Inger Sagatun-Edwards, chair of the administration of justice department in which Cleveland teaches, said Monday Cleveland would not be suspended or terminated by SJSU without first being charged with a criminal offense.

"I imagine he will stay (at SJSU)," Sagatun-Edwards said.

Unlike Cleveland's counterintelligence post at Livermore, Sagatun-Edwards said Cleveland's intelligence and justice management courses at SJSU are not "relevant" to the FBI's on going espionage investigation.

FBI spokeswoman Larae Quy said Monday that Cleveland has not been charged with a crime.

Quy said she could not confirm or deny reports that Cleveland is referred to in FBI affidavits as a "former agent" with romantic ties to indicted Chinese double agent Katrina Leung.

"It (Cleveland's name) was probably leaked by non-FBI law enforcement officials in Los Angeles," Quy said.

Quy said she would not speculate further about the source of the leaks. She did say that those involved in the investigation were cooperating.

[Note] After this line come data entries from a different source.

(* Let $G$ be a connected graph with $|V(G)| \ge 3$. If $\det(G) \neq 1$, then $\frac{1}{2}\det(G) \le \det'(G) \le \det(G)$.
   Context: A vertex subset $S$ of $G$ is a vertex determining set if the only automorphism of $G$ fixing every vertex of $S$ is the identity; the determining number $\det(G)$ is the minimum size of a vertex determining set. For a graph $G$ with at most one isolated vertex and no component isomorphic to $K_2$, an edge subset $T$ is an edge determining set if the only automorphism $\phi$ of $G$ satisfying $\{\phi(u),\phi(v)\}=\{u,v\}$ for all $\{u,v\}\in T$ is the identity; the determining index $\det'(G)$ is the minimum size of an edge determining set. *)

From mathcomp Require Import all_boot all_fingroup.
Set Implicit Arguments. Unset Strict Implicit. Unset Printing Implicit Defensive.

Definition simple_graph (T : finType) (e : rel T) : Prop :=
  symmetric e /\ irreflexive e.

Definition connected_graph (T : finType) (e : rel T) : Prop :=
  forall x y : T, connect e x y.

Definition is_aut (T : finType) (e : rel T) (s : {perm T}) : bool :=
  [forall x : T, forall y : T, e (s x) (s y) == e x y].

Definition vdet_set (T : finType) (e : rel T) (S : {set T}) : bool :=
  [forall s : {perm T}, (is_aut e s && [forall x in S, s x == x]) ==> (s == 1%g)].

(* Determining number det(G): minimum size of a vertex determining set
   (V(G) itself is always determining, so the default #|T| is harmless). *)
Definition det_number (T : finType) (e : rel T) : nat :=
  \big[minn/#|T|]_(S : {set T} | vdet_set e S) #|S|.

Definition is_edge (T : finType) (e : rel T) (A : {set T}) : bool :=
  [exists u, exists v, e u v && (A == [set u; v])].

Definition edge_set (T : finType) (e : rel T) : {set {set T}} :=
  [set A | is_edge e A].

Definition edet_set (T : finType) (e : rel T) (X : {set {set T}}) : bool :=
  (X \subset edge_set e) &&
  [forall s : {perm T}, (is_aut e s && [forall A in X, s @: A == A]) ==> (s == 1%g)].

(* Determining index det'(G): minimum size of an edge determining set
   (under the paper's hypotheses E(G) itself is edge determining). *)
Definition det_index (T : finType) (e : rel T) : nat :=
  \big[minn/#|edge_set e|]_(X : {set {set T}} | edet_set e X) #|X|.

From mathcomp Require Import all_boot all_fingroup.
Set Implicit Arguments. Unset Strict Implicit. Unset Printing Implicit Defensive.

(* Upper bound: take a minimum determining set S with two vertices r <> s.
   Pair every v in S \ {r} with a neighbour p v strictly closer to r; an
   automorphism that fixes r and stabilises the edge {v, p v} cannot move v
   onto p v, since it preserves distances to r.  The edge at r (towards s, and
   one extra edge leaving {r, s} when r ~ s, where the edges at r and at s
   coincide) forces r itself to be fixed, so |S| edges are edge determining.
   Lower bound: the endpoints of an edge determining set form a vertex
   determining set. *)

Lemma geq_bigminn (I : finType) (P : pred I) (F : I -> nat) d i :
  P i -> \big[minn/d]_(j | P j) F j <= F i.
Proof.
move=> Pi; move: (mem_index_enum i); elim: (index_enum I) => [//|a s IH].
rewrite inE big_cons => /orP [/eqP <-|si]; first by rewrite Pi geq_minl.
by case: (P a); [apply: leq_trans (geq_minr _ _) (IH si) | apply: IH].
Qed.

Lemma bigminn_attained (I : finType) (P : pred I) (F : I -> nat) d i0 :
  P i0 -> F i0 <= d -> exists2 i, P i & \big[minn/d]_(j | P j) F j = F i.
Proof.
move=> Pi0 Fi0d.
have [dmin|] : \big[minn/d]_(j | P j) F j = d \/
    exists2 i, P i & \big[minn/d]_(j | P j) F j = F i; last by [].
  apply: (big_ind (fun x => x = d \/ exists2 i, P i & x = F i)); first by left.
  - by move=> x y Hx Hy; case: leqP => _.
  - by move=> j Pj; right; exists j.
by exists i0 => //; apply/eqP; rewrite eqn_leq geq_bigminn //= dmin.
Qed.

Lemma exists_notin (T : finType) (A : {set T}) : #|A| < #|T| ->
  exists y, y \notin A.
Proof.
move=> ltAT; apply/existsP; rewrite -negb_forall; apply: contraTN ltAT.
move=> /forallP inA; rewrite -leqNgt -cardsT subset_leq_card //.
by apply/subsetP => x _; exact: inA.
Qed.

Lemma mem_fixed_imset (T : finType) (f : T -> T) (A : {set T}) x :
  f @: A = A -> x \in A -> f x \in A.
Proof. by move=> fA Ax; rewrite -fA imset_f. Qed.

Section Graph.
Variables (T : finType) (e : rel T).

Fixpoint within n x y : bool :=
  if n is n'.+1 then within n' x y || [exists z, e x z && within n' z y]
  else x == y.

Lemma withinS n x y : within n x y -> within n.+1 x y.
Proof. by move=> /= ->. Qed.

Lemma within_cons n x z y : e x z -> within n z y -> within n.+1 x y.
Proof. by move=> xz zy /=; apply/orP; right; apply/existsP; exists z; rewrite xz. Qed.

Lemma within_rcons n x z y : within n x z -> e z y -> within n.+1 x y.
Proof.
elim: n x => [|n IH] x.
  by move=> /eqP -> zy; exact: (@within_cons 0 _ _ _ zy (eqxx y)).
move=> xz zy; case/orP: xz => [xz | /existsP [w /andP [xw wz]]].
  by apply: withinS; exact: IH.
exact: within_cons xw (IH _ wz zy).
Qed.

Lemma connect_within x y : connect e x y -> exists n, within n x y.
Proof.
move=> /connectP [p xp ->]; exists (size p).
elim: p x xp => [|z p IH] x /=; first by [].
by case/andP => xz zp; exact: within_cons xz (IH _ zp).
Qed.

Definition closer_to (y z x : T) : Prop :=
  exists m, within m z y /\ ~~ within m x y.

Lemma exists_closer_neighbor x y : connect e x y -> x != y ->
  exists2 z, e x z & closer_to y z x.
Proof.
move=> /connect_within [n]; elim: n x => [|n IH] x /=.
  by move=> /eqP ->; rewrite eqxx.
case/orP => [xy | /existsP [z /andP [xz zy]]] neq_xy; first exact: IH.
have [xy|nxy] := boolP (within n x y); first exact: IH.
by exists z => //; exists n.
Qed.

Lemma is_autE (f : {perm T}) x y : is_aut e f -> e (f x) (f y) = e x y.
Proof. by move=> /forallP /(_ x) /forallP /(_ y) /eqP. Qed.

Lemma within_aut (f : {perm T}) n x y :
  is_aut e f -> within n (f x) (f y) = within n x y.
Proof.
move=> autf; elim: n x => [|n IH] x /=; first by rewrite (inj_eq perm_inj).
rewrite IH; congr orb.
apply/existsP/existsP => [[z /andP [xz zy]] | [z /andP [xz zy]]].
  by exists (f^-1 z)%g; rewrite -(is_autE _ _ autf) -IH permKV xz zy.
by exists (f z); rewrite is_autE // IH xz zy.
Qed.

Lemma aut_not_closer (f : {perm T}) x y :
  is_aut e f -> f y = y -> ~ closer_to y (f x) x.
Proof.
by move=> autf fy [m [fxy nxy]]; move: nxy; rewrite -(within_aut m x y autf) fy fxy.
Qed.

Lemma connect_cut_edge (A : {set T}) x y : x \in A -> y \notin A ->
  connect e x y -> exists a b, [/\ a \in A, b \notin A & e a b].
Proof.
move=> Ax Ay /connectP [p xp yp].
elim: p x Ax xp yp => [|z p IH] x Ax /=; first by move=> _ yx; rewrite yx Ax in Ay.
case/andP => xz zp yp; have [Az|Az] := boolP (z \in A); first exact: IH zp yp.
by exists x, z.
Qed.

Lemma edge_set_pair u v : e u v -> [set u; v] \in edge_set e.
Proof.
move=> uv; rewrite inE; apply/existsP; exists u; apply/existsP; exists v.
by rewrite uv eqxx.
Qed.

Lemma edge_set_card_le2 A : A \in edge_set e -> #|A| <= 2.
Proof.
by rewrite inE => /existsP [u /existsP [v /andP [_ /eqP ->]]]; rewrite cards2 ltnS leq_b1.
Qed.

Section Symmetric.
Hypothesis esym : symmetric e.

Lemma within_sym n x y : within n x y -> within n y x.
Proof.
elim: n x y => [|n IH] x y /=; first by rewrite eq_sym.
case/orP => [xy | /existsP [z /andP [xz zy]]]; first exact/withinS/IH.
by apply: within_rcons (IH _ _ zy) _; rewrite esym.
Qed.

(* When r and s are not adjacent, [q] is the first and [y] the last inner
   vertex of a shortest r-s path: dist(q, s) and dist(q, y) are both below
   dist(r, s). *)
Lemma nonadjacent_path_ends r s : r != s -> ~~ e r s -> connect e r s ->
  exists q y, [/\ e r q, e s y, closer_to r y s &
    forall f, is_aut e f -> f r = q -> f s \notin [set s; y]].
Proof.
move=> neq_rs nrs /exists_closer_neighbor /(_ neq_rs) [q rq [[|m] [qs nrs_m]]].
  by move: qs nrs => /eqP <-; rewrite rq.
have [y sy yq] : exists2 y, e s y & within m y q.
  move: (within_sym qs) => /orP [sq | /existsP [y /andP [sy yq]]].
    by rewrite (within_cons rq (within_sym sq)) in nrs_m.
  by exists y.
exists q, y; split=> //.
  exists m.+1; split; first by apply: within_rcons yq _; rewrite esym.
  by apply: contra nrs_m; exact: within_sym.
move=> f autf frq; rewrite !inE; apply/negP => /orP [] /eqP fs;
  move: nrs_m; rewrite -(within_aut m.+1 r s autf) frq fs ?qs //.
by rewrite withinS // within_sym.
Qed.

End Symmetric.

Lemma vdet_setT : vdet_set e [set: T].
Proof.
apply/forallP => f; apply/implyP => /andP [_ /forall_inP fixT].
by apply/eqP/permP => x; rewrite perm1; apply/eqP/fixT; rewrite inE.
Qed.

Lemma edet_set0 : vdet_set e set0 -> edet_set e set0.
Proof.
move=> vdet0; rewrite /edet_set sub0set; apply/forallP => f.
apply/implyP => /andP [autf _]; have /implyP := forallP vdet0 f; apply.
by rewrite autf; apply/forall_inP => x; rewrite inE.
Qed.

Lemma vdet_cover (X : {set {set T}}) : edet_set e X -> vdet_set e (cover X).
Proof.
case/andP => _ /forallP edetX; apply/forallP => f.
apply/implyP => /andP [autf /forall_inP fixX]; have /implyP := edetX f; apply.
rewrite autf; apply/forall_inP => A XA; rewrite -[X in _ == X]imset_id.
by apply/eqP/eq_in_imset => x Ax; apply/eqP/fixX/bigcupP; exists A.
Qed.

Lemma cover_edge_set : connected_graph e -> 1 < #|T| ->
  cover (edge_set e) = [set: T].
Proof.
move=> conn gt1T; apply/setP => x; rewrite inE; apply/bigcupP.
have [y xy] : exists y, y \notin [set x] by apply: exists_notin; rewrite cards1.
have [a [b [ax _ ab]]] := connect_cut_edge (set11 x) xy (conn x y).
exists [set a; b]; first exact: edge_set_pair.
by move: ax; rewrite inE => /eqP ->; exact: set21.
Qed.

Lemma card_cover_edges (X : {set {set T}}) : X \subset edge_set e ->
  #|cover X| <= 2 * #|X|.
Proof.
move=> Xe; apply: leq_trans (leq_card_cover X).1 _.
by rewrite mulnC -sum_nat_const; apply: leq_sum => A /(subsetP Xe) /edge_set_card_le2.
Qed.

Lemma edet_pairsU (S : {set T}) r (p : T -> T) (Y : {set {set T}}) :
  vdet_set e S -> r \in S ->
  {in S, forall v, e v (p v)} ->
  {in S, forall v, v != r -> closer_to r (p v) v} ->
  Y \subset edge_set e ->
  (forall f, is_aut e f -> {in S, forall v, f v \in [set v; p v]} ->
     (forall A, A \in Y -> f @: A = A) -> f r = r) ->
  edet_set e ([set [set v; p v] | v in S] :|: Y).
Proof.
move=> vdetS Sr Sp Sclose Ye fix_r; apply/andP; split.
  apply/subsetP => A /setUP [/imsetP [v Sv ->] | /(subsetP Ye) //].
  exact/edge_set_pair/Sp.
apply/forallP => f; apply/implyP => /andP [autf /forall_inP fixX].
have fixS : {in S, forall v, f v \in [set v; p v]}.
  move=> v Sv; apply: mem_fixed_imset (set21 _ _); apply/eqP/fixX.
  by rewrite in_setU; apply/orP; left; apply/imsetP; exists v.
have fr : f r = r.
  by apply: fix_r autf fixS _ => A YA; apply/eqP/fixX; rewrite in_setU YA orbT.
have /implyP := forallP vdetS f; apply; rewrite autf /=.
apply/forall_inP => v Sv; have [-> | neq_vr] := eqVneq v r; first by rewrite fr.
move: (fixS v Sv); rewrite !inE => /orP [// | /eqP fv]; exfalso.
by apply: (aut_not_closer (x := v) autf fr); rewrite fv; exact: Sclose.
Qed.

Cleveland said Monday he is in no position to comment on his alleged involvement in the FBI's investigation of Leung and former FBI agent James J. Smith, both of whom were arrested Wednesday in southern California, according to a statement issued by U.S. Attorney Debra W. Yang.

Cleveland, who is married, said he would not comment about his alleged affair with Leung.

Leung faces preliminary charges of unauthorized copying of national defense information, and Smith faces preliminary charges of gross negligence in the handling of documents relating to national defense, according to Yang's statement.

Leung, 49, was acting as an "asset" of the United States, providing information on the People's Republic of China for nearly two decades, according to the statement.

During that time, a colleague - purported to be Cleveland - warned Smith, who was Leung's "handler," that Leung was having unauthorized contacts with Chinese intelligence officials, according to Yang's statement.

Students filing out of Cleveland's intelligence course Monday would not comment on their instructor's predicament.

Quy said Cleveland, 60, worked at the San Francisco office of the FBI from 1967 to 1993.